大島紬はその複雑で手間のかかる製法から、古くより希少性の高い、高価なものとして扱われてきました。
それぞれ専門の職人が30から40にも及ぶ工程を担当し、発祥当時から守り抜かれた製法により仕上げます。
大島紬の特徴は渋みがあり、軽くて暖かく着崩れしない、着込めば着込むほど肌になじむ着心地のよさと独特の色合いで、気品と風格をあわせもつオシャレ着の最高峰とされています。

奄美を愛し、奄美を描き続けた画家「田中一村」氏
この奥深い伝統と自然豊かな奄美大島をこよなく愛し、大島紬の工場で生計を立てながら、奄美を描き続けた画家「田中一村」氏。
彼は昭和33年、50歳の時に南の島々の自然に魅せられ奄美大島に移り住み、生活苦の中で“中央画壇”とは一線を画しながら、69歳の生涯を終えるまで奄美の自然を描き続けました。後にその独特の画風が注目を集め、「日本のゴーギャン」や「孤高の画家」として反響を呼び、2001年には鹿児島県奄美パーク内に『田中一村記念美術館』が開館しました。

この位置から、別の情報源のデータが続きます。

Definition is_path_between (N : finType) (Ed : {set {set N}}) (s : seq N)
  (a b : N) : Prop :=
  match s with
  | [::] => False
  | s0 :: r => [/\ s0 = a, last s0 r = b, uniq s & path (adj Ed) s0 r]
  end.

Definition tdeg (N : finType) (tE : {set {set N}}) (t : N) : nat :=
  #|[set f in tE | t \in f]|.

Definition is_leaf (N : finType) (tE : {set {set N}}) (t : N) : bool :=
  (tdeg tE t <= 1)%N.

(* a tree: simple graph, connected, and acyclic (every edge is a bridge) *)
Definition is_tree (N : finType) (tE : {set {set N}}) : Prop :=
  [/\ forall f, f \in tE -> #|f| = 2%N,
      forall a b : N, connect (adj tE) a b &
      forall f (a b : N), f \in tE -> f = [set a; b] ->
        ~~ connect (adj (tE :\ f)) a b].

Section Flow.
Variable R : realType.

Definition is_flow (N : finType) (Ed : {set {set N}}) (cap : {set N} -> R)
  (A B : {set N}) (g : N -> N -> R) : Prop :=
  [/\ forall u w, g u w = - g w u,
      forall u w, [set u; w] \notin Ed -> g u w = 0,
      forall u w, `|g u w| <= cap [set u; w] &
      forall w, w \notin A :|: B -> \sum_(u : N) g w u = 0].

Definition flow_value (N : finType) (A : {set N}) (g : N -> N -> R) : R :=
  \sum_(a in A) \sum_(u : N) g a u.

Definition xcut (N : finType) (Ed : {set {set N}}) (c : {set N} -> R)
  (X : {set N}) : R := \sum_(e in ucut Ed X) c e.
End Flow.

Record tree_emb (V : finType) := TreeEmb {
  tnode : finType;
  tedges : {set {set tnode}};
  tmap : tnode -> V;                     (* M on nodes *)
  tpath : {set tnode} -> seq V           (* M on tree edges: a path in G *)
}.

Section TreeEmb.
Variable R : realType.
Variable V : finType.
Variable E : {set {set V}}.

Definition tleaf (T : tree_emb V) (t : tnode T) : bool := is_leaf (tedges T) t.

Definition leaves_of (T : tree_emb V) (A : {set V}) : {set tnode T} :=
  [set t : tnode T | tleaf t && (tmap t \in A)].

(* one side X of the leaf partition induced by T - f *)
Definition leaf_side (T : tree_emb V) (f : {set tnode T}) : {set V} :=
  match [pick a in f] with
  | Some a => [set v | [exists t : tnode T, [&& tleaf t, tmap t == v &
                         connect (adj (tedges T :\ f)) a t]]]
  | None => set0
  end.

Definition ty (xt : {set V} -> R) (T : tree_emb V) (f : {set tnode T}) : R :=
  xcut E xt (leaf_side f).

(* (T,M,y) is a tree embedding of (G,xt) (y is determined by ty) *)
Definition is_tree_emb (T : tree_emb V) : Prop :=
  [/\ is_tree (tedges T),
      forall v : V, exists t : tnode T, tleaf t /\ tmap t = v,
      forall t1 t2 : tnode T, tleaf t1 -> tleaf t2 ->
        tmap t1 = tmap t2 -> t1 = t2 &
      forall f, f \in tedges T -> exists a b : tnode T,
        f = [set a; b] /\ is_path_between E (tpath f) (tmap a) (tmap b)].

Definition Minv1 (T : tree_emb V) (e : {set V}) : {set {set tnode T}} :=
  [set f in tedges T | e \in walk_edges (tpath f)].
Definition MinvF (T : tree_emb V) (F : {set {set V}}) : {set {set tnode T}} :=
  \bigcup_(e in F) Minv1 T e.

Definition flow_dominates (xt : {set V} -> R) (T : tree_emb V) : Prop :=
  forall A B : {set V}, [disjoint A & B] ->
  forall g, is_flow E xt A B g ->
  exists h, is_flow (tedges T) (ty xt (T:=T)) (leaves_of T A) (leaves_of T B) h
            /\ flow_value A g <= flow_value (leaves_of T A) h.

(* D: finitely supported probability distribution over tree embeddings of
   (G, xt), given as a list of (probability, tree embedding) pairs *)
Definition good_distribution (beta : R) (xt : {set V} -> R)
  (D : seq (R * tree_emb V)) : Prop :=
  [/\ forall p, List.In p D -> 0 <= p.1,
      \sum_(p <- D) p.1 = 1,
      forall p, List.In p D -> is_tree_emb p.2,
      forall e, e \in E ->
        \sum_(p <- D) p.1 * (\sum_(f in Minv1 p.2 e) ty xt f) <= beta * xt e &
      forall p, List.In p D -> 0 < p.1 -> flow_dominates xt p.2].

Definition LARGE (x : {set V} -> R) (l : nat) (beta : R) : {set {set V}} :=
  [set e in E | 1 / (4 * l%:R * beta) <= x e].

Definition xtilde (x : {set V} -> R) (l : nat) (beta : R) : {set V} -> R :=
  fun e => if e \in LARGE x l beta then 1 / (4 * l%:R * beta)
           else if x e < 1 / (2 * (#|V|%:R) ^+ 2) * (1 / (4 * l%:R * beta))
                then 0 else x e.

Definition good_for (xt : {set V} -> R) (T : tree_emb V) (F : {set {set V}}) : bool :=
  \sum_(f in MinvF T F) ty xt f <= 1 / 2.

Definition shattered (T : tree_emb V) (F : {set {set V}}) (Q : {set V}) : bool :=
  [exists t1 : tnode T, exists t2 : tnode T, [&& tleaf t1, tleaf t2, tmap t1 \in Q, tmap t2 \in Q &
     ~~ connect (adj (tedges T :\: MinvF T F)) t1 t2]].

奄美大島には大島紬をはじめ、魅力的なものが数多く存在します。


紅型は琉球が確立させた沖縄を代表する独自の染技です。明確ではありませんが、琉球王朝時代、中国・朝鮮・東南アジア各地の染織との密接な繋がりの中で生まれたとされています。紅型は王朝時代の王家・士族らの礼服とされ、王家の衣装は黄色、貴族は水色と色や模様の大きさにより身分に応じて区別され、一般庶民には長寿の祝い着としてのみ着用が許された非常に高貴な品であったといわれています。
1871年の廃藩置県、琉球王国の解体、第二次世界大戦の戦火を経て一時的な衰退を強いられるものの、紅型三宗家中の城間栄喜氏・知念績弘氏らの尽力により甦り、1973年 沖縄県の無形文化財に[紅型]が指定されました。

人間国宝にも認定された染色家「芹沢圭介」氏
紅型の美しさに強い衝撃を受け染色家になった氏は、図案・型彫り・染めまでを一貫して行う独自の型染の世界を形成し、昭和31年「型絵染」で“人間国宝(重要無形文化財保持者)”に認定されました。パリでの大規模な個展も開催し、国際的な評価も得た氏の活動範囲は、染物だけでなく、絵本・装幀・ガラス絵などデザイナーとしても非常に幅広いものでした。

先人の匠たちによって受け継がれたこの魅力ある宝は、その美しさと輝きで、これからも人々を魅了し続けることでしょう。